## Dataset entries
----------------------------------------
(* Let $f \in \mathbb{Z}[x]$ be a tower-stable polynomial, let $a$ be a positive integer, let $p$ be a prime number and $k$ a positive integer. Put $\kappa = \kappa_{f,a}$, $\lambda = \lambda_{f,a}$ and $$\mu_p = \prod_{i=0}^{\lambda(p)-1} f'\big(f^{\kappa(p)+i}(a)\big).$$ (i) If $\mu_p \equiv 0 \pmod p$, then $\lambda(p^k) = \lambda(p)$ and $\kappa(p^k) \le \kappa(p) + (k-1)\lambda(p)$. (ii) If $\mu_p \not\equiv 0 \pmod p$, then $\kappa(p^k) = \kappa(p)$ and $\lambda(p^k)$ divides $\lambda(p)\cdot(p-1)\cdot p^{k-1}$.
   Context: $f^j$ is the $j$-th iterate of $f$ and $f'$ its derivative. For a positive integer $n$, $f_n:\mathbb{Z}/n\mathbb{Z}\to\mathbb{Z}/n\mathbb{Z}$ is the reduction of $f$. $\kappa_{f,a}(n)$ (tail length) and $\lambda_{f,a}(n)$ (cycle length) are the unique integers $\kappa\ge0$, $\lambda\ge1$ such that for all $k'\ge0$, $l'\ge1$: $f_n^{k'}(\bar a) = f_n^{k'+l'}(\bar a)$ iff $\kappa\le k'$ and $\lambda\mid l'$, where $\bar a = a \bmod n$. $f$ is tower-stable if for every prime $q$, $f_q$ is not a cyclic permutation of $\mathbb{Z}/q\mathbb{Z}$ of length $q$. *)

From mathcomp Require Import all_boot all_order all_algebra.
Set Implicit Arguments. Unset Strict Implicit. Unset Printing Implicit Defensive.
Import Order.TTheory GRing.Theory Num.Theory.

Definition iterf (f : {poly int}) (j : nat) (x : int) : int :=
  iter j (fun y => (f.[y])%R) x.

Definition congr_mod (x y : int) (n : nat) : Prop := (x == y %[mod n%:Z])%Z.

(* Since f has integer coefficients, f_n^j(x mod n) = f^j(x) mod n; hence
   f_n^{k'}(a mod n) = f_n^{k'+l'}(a mod n) iff f^{k'}(a) = f^{k'+l'}(a) mod n.
   tail_cycle f a n kappa lambda : kappa = kappa_{f,a}(n), lambda = lambda_{f,a}(n),
   i.e. kappa >= 0, lambda >= 1 and for all k' >= 0, l' >= 1:
   f_n^{k'}(a) = f_n^{k'+l'}(a)  <->  kappa <= k' and lambda | l'. *)
Definition tail_cycle (f : {poly int}) (a : int) (n kappa lambda : nat) : Prop :=
  (1 <= lambda)%N /\
  forall k' l' : nat, (1 <= l')%N ->
    (congr_mod (iterf f k' a) (iterf f (k' + l') a) n <->
     ((kappa <= k')%N /\ (lambda %| l')%N)).

(* f_q is a cyclic permutation of Z/qZ of length q: some orbit has q pairwise
   distinct points mod q and closes up after q steps. *)
Definition full_cycle_mod (f : {poly int}) (q : nat) : Prop :=
  exists x : int,
    (forall i j : nat, (i < q)%N -> (j < q)%N ->
       congr_mod (iterf f i x) (iterf f j x) q -> i = j) /\
    congr_mod (iterf f q x) x q.

Definition tower_stable (f : {poly int}) : Prop :=
  forall q : nat, prime q -> ~ full_cycle_mod f q.

From mathcomp Require Import all_boot all_algebra finfield ring zify.
Set Implicit Arguments. Unset Strict Implicit. Unset Printing Implicit Defensive.
Import GRing.Theory.
Local Open Scope ring_scope.

(* Let x = f^kappa(a) and g = f^lambda, with kappa, lambda the tail and cycle
   lengths mod p.  Then g maps the residue class of x mod p to itself, and by the
   chain rule applied to first-order Taylor expansions of f it has "slope mu mod p"
   there: g y - g z = (y - z)(mu + p w).  If p | mu, g contracts the class, so that
   g^(j+1) x = g^j x mod p^(j+1).  Otherwise h = g^(p-1) has slope 1 mod p by
   Fermat, and if h x = x mod p^(m+1) then h^p x = x mod p^(m+2), because
   h^j x - x = j (h x - x) mod p^(m+2).  In both cases the resulting congruence
   mod p^k is read off through the definition of kappa(p^k), lambda(p^k), which
   also gives kappa(p) <= kappa(p^k) and lambda(p) | lambda(p^k). *)

Definition slope_mod (d x : int) (g : int -> int) (u : int) : Prop :=
  forall y z, (d %| y - x)%Z -> (d %| z - x)%Z ->
  exists w, g y - g z = (y - z) * (u + d * w).

Section SlopeMod.

Variable d : int.

Lemma slope_mod_class x g u y :
  slope_mod d x g u -> (d %| y - x)%Z -> (d %| g y - g x)%Z.
Proof.
move=> slope_g yx; have xx : (d %| x - x)%Z by rewrite subrr dvdz0.
by have [w ->] := slope_g y x yx xx; apply: dvdz_mulr.
Qed.

Lemma slope_mod_center x x' g u :
  (d %| x' - x)%Z -> slope_mod d x g u -> slope_mod d x' g u.
Proof.
by move=> x'x slope_g y z yx' zx'; apply: slope_g; rewrite -(subrKA x') rpredD.
Qed.

Lemma slope_mod_congr x g u u' :
  (d %| u - u')%Z -> slope_mod d x g u -> slope_mod d x g u'.
Proof.
case/dvdzP=> t Ht slope_g y z yx zx; have [w ->] := slope_g y z yx zx.
by exists (t + w); rewrite -[u](subrK u') Ht; ring.
Qed.

Lemma slope_mod_comp x g1 g2 u1 u2 :
  slope_mod d x g1 u1 -> slope_mod d (g1 x) g2 u2 ->
  slope_mod d x (g2 \o g1) (u1 * u2).
Proof.
move=> slope1 slope2 y z yx zx /=.
have [w1 E1] := slope1 y z yx zx.
have [w2 ->] := slope2 _ _ (slope_mod_class slope1 yx) (slope_mod_class slope1 zx).
by exists (w1 * u2 + u1 * w2 + d * w1 * w2); rewrite E1; ring.
Qed.

Section FixedClass.

Variables (x : int) (g : int -> int) (u : int).
Hypotheses (slope_g : slope_mod d x g u) (gx : (d %| g x - x)%Z).

Lemma iter_class_mod j : (d %| iter j g x - x)%Z.
Proof.
elim: j => [|j IHj] /=; first by rewrite subrr dvdz0.
by rewrite -(subrKA (g x)) rpredD // (slope_mod_class slope_g).
Qed.

Lemma slope_mod_iter j : slope_mod d x (iter j g) (u ^+ j).
Proof.
elim: j => [|j IHj].
  by move=> y z _ _; exists 0; rewrite /=; ring.
rewrite exprSr; apply: (slope_mod_comp IHj).
exact: slope_mod_center (iter_class_mod j) slope_g.
Qed.

Lemma iter_step_dvdz j : (d %| u)%Z -> (d ^+ j.+1 %| iter j.+1 g x - iter j g x)%Z.
Proof.
move=> du; elim: j => [|j IHj]; first by rewrite expr1.
have [w ->] := slope_g (iter_class_mod j.+1) (iter_class_mod j).
by rewrite exprSr dvdz_mul // rpredD // dvdz_mulr.
Qed.

End FixedClass.

End SlopeMod.

Lemma iter_linear_mod (n e : nat) x h j :
  slope_mod n x h 1 -> (n%:Z ^+ e.+1 %| h x - x)%Z ->
  (n%:Z ^+ e.+2 %| iter j h x - x - j%:Z * (h x - x))%Z.
Proof.
move=> slope_h hx; have xx : (n%:Z %| x - x)%Z by rewrite subrr dvdz0.
have nhx : (n%:Z %| h x - x)%Z := dvdz_trans (dvdz_exp2l _ (ltn0Sn e)) hx.
elim: j => [|j IHj]; first by rewrite mul0r !subrr dvdz0.
have Dj : (n%:Z ^+ e.+1 %| iter j h x - x)%Z.
  rewrite -(subrK (j%:Z * (h x - x)) (_ - x)) rpredD ?dvdz_mull //.
  exact: dvdz_trans (dvdz_exp2l _ (leqnSn _)) IHj.
have [w Ew] := slope_h _ x (iter_class_mod slope_h nhx j) xx.
have -> : iter j.+1 h x - x - j.+1%:Z * (h x - x) =
    (iter j h x - x) * n%:Z * w + (iter j h x - x - j%:Z * (h x - x)).
  by rewrite /= -(subrK (h x) (h _)) Ew intS; ring.
by rewrite rpredD // exprSr dvdz_mulr // dvdz_mul.
Qed.

Lemma iter_expn_dvdz (n : nat) x g m :
  slope_mod n x g 1 -> (n%:Z %| g x - x)%Z ->
  (n%:Z ^+ m.+1 %| iter (n ^ m) g x - x)%Z.
Proof.
move=> slope_g gx; elim: m => [|m IHm]; first by rewrite expr1.
have := slope_mod_iter slope_g gx (n ^ m); rewrite expr1n => slope_h.
have := iter_linear_mod n slope_h IHm; rewrite expnS iterM => D.
by rewrite -(subrK (n%:Z * (iter (n ^ m) g x - x)) (_ - x)) rpredD // exprS dvdz_mul.
Qed.

Lemma horner_sub_deriv (f : {poly int}) x y :
  exists h, f.[y] - f.[x] = (y - x) * (f^`().[x] + (y - x) * h).
Proof.
elim/poly_ind: f => [|q c [h IH]].
  by exists 0; rewrite deriv0 !horner0; ring.
move/eqP: IH; rewrite subr_eq => /eqP IH.
exists (q^`().[x] + h * y).
by rewrite derivMXaddC !hornerMXaddC hornerD hornerM hornerX IH; ring.
Qed.

Lemma slope_mod_horner (f : {poly int}) d x : slope_mod d x (horner f) f^`().[x].
Proof.
move=> y z yx zx.
have /dvdzP[s Es] : (d %| f^`().[z] - f^`().[x])%Z.
  by have [h ->] := horner_sub_deriv f^`() x z; apply: dvdz_mulr.
have /dvdzP[t Et] : (d %| y - z)%Z by rewrite -(subrKA x) rpredD // -opprB rpredN.
have [h ->] := horner_sub_deriv f z y.
exists (s + t * h); congr (_ * _).
by rewrite Et -[f^`().[z]](subrK f^`().[x]) Es; ring.
Qed.

Lemma slope_mod_iterf (f : {poly int}) d x n :
  slope_mod d x (iterf f n) (\prod_(i < n) f^`().[iterf f i x]).
Proof.
elim: n => [|n IHn].
  by rewrite big_ord0 => y z _ _; exists 0; rewrite /=; ring.
by rewrite big_ord_recr; apply: slope_mod_comp IHn (@slope_mod_horner f d (iterf f n x)).
Qed.

Lemma fermat_int (p : nat) (u : int) :
  prime p -> ~~ (p%:Z %| u)%Z -> (p%:Z %| u ^+ p.-1 - 1)%Z.
Proof.
move=> p_prime; rewrite !(dvdz_pcharf (pchar_Fp p_prime)).
rewrite rmorphB rmorphXn rmorph1 /= subr_eq0 => u_neq0.
have := expf_card (u%:~R : 'F_p); rewrite card_Fp // -(prednK (prime_gt0 p_prime)).
by move=> E; apply/eqP/(mulfI u_neq0); rewrite mulr1 -exprS.
Qed.

Lemma iterfD (f : {poly int}) m n a : iterf f m (iterf f n a) = iterf f (n + m) a.
Proof. by rewrite /iterf -iterD addnC. Qed.

Lemma iter_iterf (f : {poly int}) m n j a :
  iter j (iterf f m) (iterf f n a) = iterf f (n + m * j) a.
Proof. by rewrite -iterM -/(iterf f _ _) iterfD mulnC. Qed.

Lemma tail_cycle_dvdz f a n kappa lambda {k' l' : nat} :
  tail_cycle f a n kappa lambda -> (0 < l')%N ->
  (n%:Z %| iterf f (k' + l') a - iterf f k' a)%Z <->
  (kappa <= k')%N /\ (lambda %| l')%N.
Proof. by case=> _ cycle l'_gt0; rewrite -opprB rpredN -eqz_mod_dvd; apply: cycle. Qed.

Lemma tail_cycle_dvdn f a m n km lm kn ln :
  (m %| n)%N -> tail_cycle f a m km lm -> tail_cycle f a n kn ln ->
  (km <= kn)%N /\ (lm %| ln)%N.
Proof.
move=> mn Tm Tn; have ln_gt0 : (0 < ln)%N := Tn.1.
apply/(tail_cycle_dvdz Tm ln_gt0); apply: dvdz_trans (_ : m%:Z %| n%:Z)%Z _.
  by rewrite dvdzE.
by apply/(tail_cycle_dvdz Tn ln_gt0); rewrite leqnn dvdnn.
Qed.

Theorem theorem4p3 (f : {poly int}) (a : int) (p k : nat)
    (kp lp kpk lpk : nat) :
  tower_stable f -> (0 < a)%R -> prime p -> (0 < k)%N ->
  tail_cycle f a p kp lp ->
  tail_cycle f a (p ^ k) kpk lpk ->
  let mu : int := (\prod_(i < lp) (deriv f).[iterf f (kp + i) a])%R in
  ((p%:Z %| mu)%Z -> lpk = lp /\ (kpk <= kp + (k - 1) * lp)%N) /\
  (~~ (p%:Z %| mu)%Z -> kpk = kp /\ (lpk %| lp * (p - 1) * p ^ (k - 1))%N).
Proof.
move=> _ _ p_prime k_gt0 Tp Tpk mu.
set x := iterf f kp a; set g := iterf f lp.
have lp_gt0 : (0 < lp)%N := Tp.1.
have slope_g : slope_mod p x g mu.
  suff -> : mu = \prod_(i < lp) f^`().[iterf f i x] by apply: slope_mod_iterf.
  by apply: eq_bigr => i _; rewrite iterfD.
have gx : (p%:Z %| g x - x)%Z.
  rewrite -[g x]/(iter 1 g x) iter_iterf muln1.
  by apply/(tail_cycle_dvdz Tp lp_gt0); rewrite leqnn dvdnn.
have [kp_le lp_dvd] := tail_cycle_dvdn (dvdn_exp k_gt0 (dvdnn p)) Tp Tpk.
have pk : (p ^ k)%N%:Z = p%:Z ^+ k by rewrite -natz natrX natz.
have k_pred : k = (k - 1).+1 by lia.
split=> [p_dvd_mu | p_ndvd_mu].
  have := iter_step_dvdz slope_g gx (k - 1) p_dvd_mu.
  rewrite -k_pred !iter_iterf -pk {1}k_pred mulnSr addnA [(lp * _)%N]mulnC.
  move/(tail_cycle_dvdz Tpk lp_gt0) => [kpk_le lpk_dvd].
  by split=> //; apply/eqP; rewrite eqn_dvd lpk_dvd lp_dvd.
have slope_h : slope_mod p x (iter p.-1 g) 1.
  exact: slope_mod_congr (fermat_int p_prime p_ndvd_mu) (slope_mod_iter slope_g gx p.-1).
have := iter_expn_dvdz (k - 1) slope_h (iter_class_mod slope_g gx p.-1).
rewrite -k_pred -iterM iter_iterf -pk.
have l_gt0 : (0 < lp * (p ^ (k - 1) * p.-1))%N.
  by have := prime_gt1 p_prime; rewrite !muln_gt0 lp_gt0 expn_gt0 prime_gt0 //=; lia.
move/(tail_cycle_dvdz Tpk l_gt0) => [kpk_le lpk_dvd].
split; first by apply/eqP; rewrite eqn_leq kpk_le kp_le.
by rewrite subn1 -mulnA [(p.-1 * _)%N]mulnC.
Qed.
----------------------------------------
## Prompt
The lines to extract from the data above begin with the line containing "by apply: eq_bigr => i _; rewrite iterfD." and end with the line containing "have [kp_le lp_dvd]". Extract them exactly, including both.

## Your solution
  by apply: eq_bigr => i _; rewrite iterfD.
have gx : (p%:Z %| g x - x)%Z.
  rewrite -[g x]/(iter 1 g x) iter_iterf muln1.
  by apply/(tail_cycle_dvdz Tp lp_gt0); rewrite leqnn dvdnn.
have [kp_le lp_dvd] := tail_cycle_dvdn (dvdn_exp k_gt0 (dvdnn p)) Tp Tpk.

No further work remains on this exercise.